E-mail, Internet remain top workplace tools: Study

WASHINGTON (AFP) - Americans see e-mail and the Internet as the most important tools for productivity at work, and still prefer landlines over cellphones for the office, a study showed Tuesday.

The Pew Research Centre found 61 per cent of those surveyed cited e-mail as "very important" for their jobs and 54 per cent said the same for the Internet.

The figures were even higher for office-based workers.

More than one in three surveyed said the landline phone was an important tool for work, compared with 24 per cent for a mobile or smartphone.

And despite the rise of social networks like Facebook and Twitter, just 4 per cent in the survey said these platforms were important for the workplace.

"E-mail is to the digital age what stone-sharpening tools were in the prehistoric age," said Lee Rainie, director of Internet, science, and technology research at the Pew Centre.

"E-mail has proven its worth on the job as the foundational 'social media' day by day even as rival technologies arise.

"It was the killer app 45 years ago for the early Arpanet and it continues to rule workplaces despite threats like spam and phishing and competitors like social networking and texting."

Contrary to concerns that technology is a distraction, the survey found 46 per cent said digital tools made them more productive, compared with 7 per cent who said their productivity fell.

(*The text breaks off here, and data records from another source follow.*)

Lemma epi_component_colon (N : M -> Prop) y :
  submodule N -> N y -> component e y -> ideal_smul (colon N) y.
Proof.
move=> hN hy hyc.
pose P c := A c /\ N (g c).
have hP : ideal P.
  case: hAi => A0 [AD AM]; case: hN => N0 [ND NZ].
  split; first by split; rewrite ?epi0.
  split; first by move=> x z [hx nx] [hz nz]; split; [exact: AD | rewrite gD //; exact: ND].
  by move=> r x [hx nx]; have [h1 h2] := epi_mul r hx; split; rewrite ?h2; [| exact: NZ].
have [I' [_ hPI]] := hmr hAi hP (fun x (h : P x) => proj1 h).
have hcolon : forall a, I' a -> colon N (a * e).
  move=> a ha m; have [c [hc gc]] := gS (component_e e m).
  have -> : (a * e) *: m = (a * e) *: g c by rewrite gc scalerA -mulrA He.
  rewrite -(proj2 (epi_mul a hc)).
  by have [] : P (a * c) by apply/hPI; exact: ideal_mul_mem.
have [b [hb gb]] := gS hyc.
have : P b by split; rewrite ?gb.
rewrite -gb => /hPI [k [a [c [hac ->]]]].
rewrite epi_sum => [|t]; last by case: (hac t) => _ hc; case: hAi => _ [_]; apply.
apply: ideal_smul_sum => t; case: (hac t) => ha hc.
by rewrite (proj2 (epi_mul _ hc)); apply: ideal_smul_mem; exact: hcolon.
Qed.

End EpiComponent.

Lemma multiplication_module_of_epi (R : comNzRingType) (M : lmodType R) n (e : 'I_n -> R) :
  multiplication_ring R -> (forall i, e i * e i = e i) -> \sum_(i < n) e i = 1 ->
  (forall i, exists2 A, ideal_of (e i) A &
     epi_on (V := R^o) (W := M) (corner (e i)) A (@component R M (e i))) ->
  multiplication_module M.
Proof.
move=> hmr He hsum hepi N hN; exists (colon N); split; first exact: colon_ideal.
move=> x; split; last exact: ideal_smul_colon.
move=> hx; rewrite -[x]scale1r -hsum scaler_suml; apply: ideal_smul_sum => i.
have [A hA [g [_ [gD [gZ gS]]]]] := hepi i.
apply: (epi_component_colon (He i) hmr hA gD gZ gS hN); last exact: component_e.
by case: hN => _ [_]; apply.
Qed.

Lemma chain_incl (T : Type) (I : nat -> T -> Prop) : (forall t, incl (I t) (I t.+1)) ->
  forall i j, (i <= j)%N -> incl (I i) (I j).
Proof.
move=> hI i; elim=> [|j IH]; first by rewrite leqn0 => /eqP ->.
by rewrite leq_eqVlt => /orP [/eqP -> // | hij] x hx; apply: hI; exact: IH.
Qed.

Section NoetherianCorner.
Variables (R : comNzRingType) (e : R).
Hypotheses (He : e * e = e) (hN : corner_noetherian e).

Lemma corner_noetherian_stable (I : nat -> R -> Prop) :
  (forall t, ideal_of e (I t)) -> (forall t, incl (I t) (I t.+1)) ->
  exists N, incl (I N.+1) (I N).
Proof.
move=> hI hinc; have hmono := chain_incl hinc.
pose U x := exists t, I t x.
have hU : ideal_of e U.
  split; first by exists 0%N; case: (hI 0%N).
  split.
    move=> x y [i hx] [j hy]; exists (maxn i j); case: (hI (maxn i j)) => _ [hD _].
    by apply: hD; [exact: hmono (leq_maxl i j) _ hx | exact: hmono (leq_maxr i j) _ hy].
  split; first by move=> r x hr [i hx]; exists i; case: (hI i) => _ [_ [hM _]]; exact: hM.
  by move=> x [i hx]; case: (hI i) => _ [_ [_ hC]]; exact: hC.
have [k [g [hg hgU]]] := hN hU.
have [f hf] := fin_all_exists hg.
exists (\max_(t < k) f t) => x hx.
have [c [hc ->]] := (proj1 (hgU x)) (ex_intro _ _ hx).
have [_ [_ [hM _]]] := hI (\max_(t < k) f t).
apply: ideal_sum => [|t]; first exact: ideal_ofW (hI _).
by apply: hM => //; exact: hmono (leq_bigmax t) _ (hf t).
Qed.

Lemma corner_noetherian_maximal (F : (R -> Prop) -> Prop) :
  (exists J, F J) -> (forall J, F J -> ideal_of e J) ->
  exists2 J, F J & forall J', F J' -> incl J J' -> incl J' J.
Proof.
move=> [J0 hJ0] hFi; apply: NNPP => hno.
pose grows J J' := F J' /\ incl J J' /\ ~ incl J' J.
have step J : F J -> exists J', grows J J'.
  move=> hJ; apply: NNPP => h1; apply: hno; exists J => // J' hJ' hJJ'.
  by apply: NNPP => h2; apply: h1; exists J'.
pose next J := epsilon (inhabits J) (fun J' => F J -> grows J J').
have hnext J : F J -> grows J (next J).
  move=> hJ; apply: (epsilon_spec (inhabits J) (fun J' => F J -> grows J J')) => //.
  by have [J' hJ'] := step J hJ; exists J'.
pose chain k := iter k next J0.
have hF k : F (chain k) by elim: k => [|k IH] //=; case: (hnext _ IH).
have [N hN'] := corner_noetherian_stable (fun k => hFi _ (hF k))
  (fun k => proj1 (proj2 (hnext _ (hF k)))).
by case: (hnext _ (hF N)) => _ [_]; apply.
Qed.

Lemma exists_corner_maximal I : ideal_of e I -> ~ I e ->
  exists2 P, corner_maximal e P & incl I P.
Proof.
move=> hI hIe.
have [P [hP [hIP hPe]] hmax] := corner_noetherian_maximal
  (F := fun J => ideal_of e J /\ incl I J /\ ~ J e)
  (ex_intro _ I (conj hI (conj (fun x h => h) hIe))) (fun J h => proj1 h).
exists P => //; split => //; split => // J hJ hPJ hJe.
by apply: hmax => //; split => //; split => // x hx; apply: hPJ; exact: hIP.
Qed.

End NoetherianCorner.

Lemma corner_pir_noetherian (R : comNzRingType) (e : R) :
  corner_pir e -> corner_noetherian e.
Proof.
move=> hp I hI; have [a [ha hI']] := hp I hI.
exists 1%N, (fun _ => a); split => // x; rewrite hI'; split.
  by case=> r [hr ->]; exists (fun _ => r); rewrite big_ord1.
by case=> c [hc ->]; exists (c ord0); rewrite big_ord1.
Qed.

Lemma corner_maximal_comax (R : comNzRingType) (e : R) P c :
  e * e = e -> corner_maximal e P -> corner e c -> ~ P c ->
  exists d p, [/\ corner e d, P p & e = d * c + p].
Proof.
move=> He [hP [hPe hmax]] hc hPc.
pose K w := exists d p, [/\ corner e d, P p & w = d * c + p].
have hK : ideal_of e K.
  case: hP => h0 [hD [hM hC]].
  split; first by exists 0, 0; split; rewrite ?mul0r ?addr0 //; exact: corner0.
  split.
    move=> x y [d1 [p1 [h1 h1' ->]]] [d2 [p2 [h2 h2' ->]]].
    by exists (d1 + d2), (p1 + p2); split; [exact: cornerD | exact: hD | rewrite mulrDl addrACA].
  split.
    move=> r x hr [d [p [hd hp ->]]]; exists (r * d), (r * p).
    by split; [exact: corner_mull | exact: hM | rewrite mulrDr mulrA].
  move=> x [d [p [hd hp ->]]]; apply: cornerD; last exact: hC.
  exact: corner_mulr.
apply: NNPP => hno; apply: hPc; apply: (hmax K hK) => [x hx||].
- by exists 0, x; split; rewrite ?mul0r ?add0r //; exact: corner0.
- by move=> [d [p hdp]]; apply: hno; exists d, p.
- exists e, 0; split; [exact: corner_e | by case: hP | by rewrite addr0 cornerK].
Qed.

Section CyclicComponent.
Variables (R : comNzRingType) (M : lmodType R) (e : R).
Hypothesis He : e * e = e.

Definition component_iso_corner : Prop :=
  iso_on (V := R^o) (W := M) (corner e) (corner e) (@component R M e).

Definition component_iso_quotient : Prop :=
  exists I : R -> Prop, ideal_of e I /\ nonzero_ideal I /\
    quot_iso_on (V := R^o) (W := M) (corner e) (corner e) I (@component R M e).

Definition component_iso_ideal : Prop :=
  exists I : R -> Prop, ideal_of e I /\ nonzero_ideal I /\
    iso_on (V := R^o) (W := M) (corner e) I (@component R M e).

Definition cyclic_colon (z : M) (r : R) : Prop :=
  corner e r /\ forall m, component e m -> exists c, r *: m = c *: z.

Lemma cyclic_colon_ideal (z : M) : ideal_of e (cyclic_colon z).
Proof.
split; first by split; [exact: corner0 | move=> m _; exists 0; rewrite !scale0r].
split.
  move=> x y [hx Hx] [hy Hy]; split; first exact: cornerD.
  move=> m hm; have [c1 h1] := Hx m hm; have [c2 h2] := Hy m hm.
  by exists (c1 + c2); rewrite !scalerDl h1 h2.
split; last by move=> x [].
move=> r x hr [hx Hx]; split; first exact: corner_mull.
by move=> m hm; have [c h] := Hx m hm; exists (r * c); rewrite -!scalerA h.
Qed.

Half of the respondents said technologies allowed them to expand the number of people with whom they communicate, and 39 per cent said they had more flexibility at work due to digital tools.

But one in three said the new landscape increased the time they spent working.

The importance of e-mail in the workplace has been documented for some time. In 2002, Pew Research Internet surveys showed that 61 per cent of American workers were using e-mail at work and in 2008, reported that 62 per cent of working US adults were "networked," meaning they used the Internet or e-mail in the workplace.

OFFICE AND AWAY

For office-based workers, these tools are markedly more important, Pew found: 78 per cent of office workers cited email as an important tool compared with 25 per cent who don't work in an office.

And the Internet was seen as vital for 68 per cent of those in an office, and 26 per cent of non-office employees.

For those who work away from their main workplace, the Internet and cellphones are key tools, Pew found.

Among the nearly 60 per cent of employed Internet users who go outside of the workplace at least occasionally, half say the Internet and cell phones are "very important" to allowing them to do their job.

The survey also found that nearly half - 46 per cent - of employees said their workplace blocks access to certain websites or imposes rules about what they can say or post online.

One in four said their company encourages employees to use the Internet and e-mail to promote the organisation, but more than half said this was not the case.

"These respondents highlight how workplaces in the Knowledge Economy are differently organised and have different connections to customers and competitors from workplaces designed to suit the Industrial Age," said Rainie.

The report is based on an online survey conducted September 12-18 of 1,066 adult Internet users, which included 535 employed full-time or part-time. The margin of error was estimated at 4.9 per cent.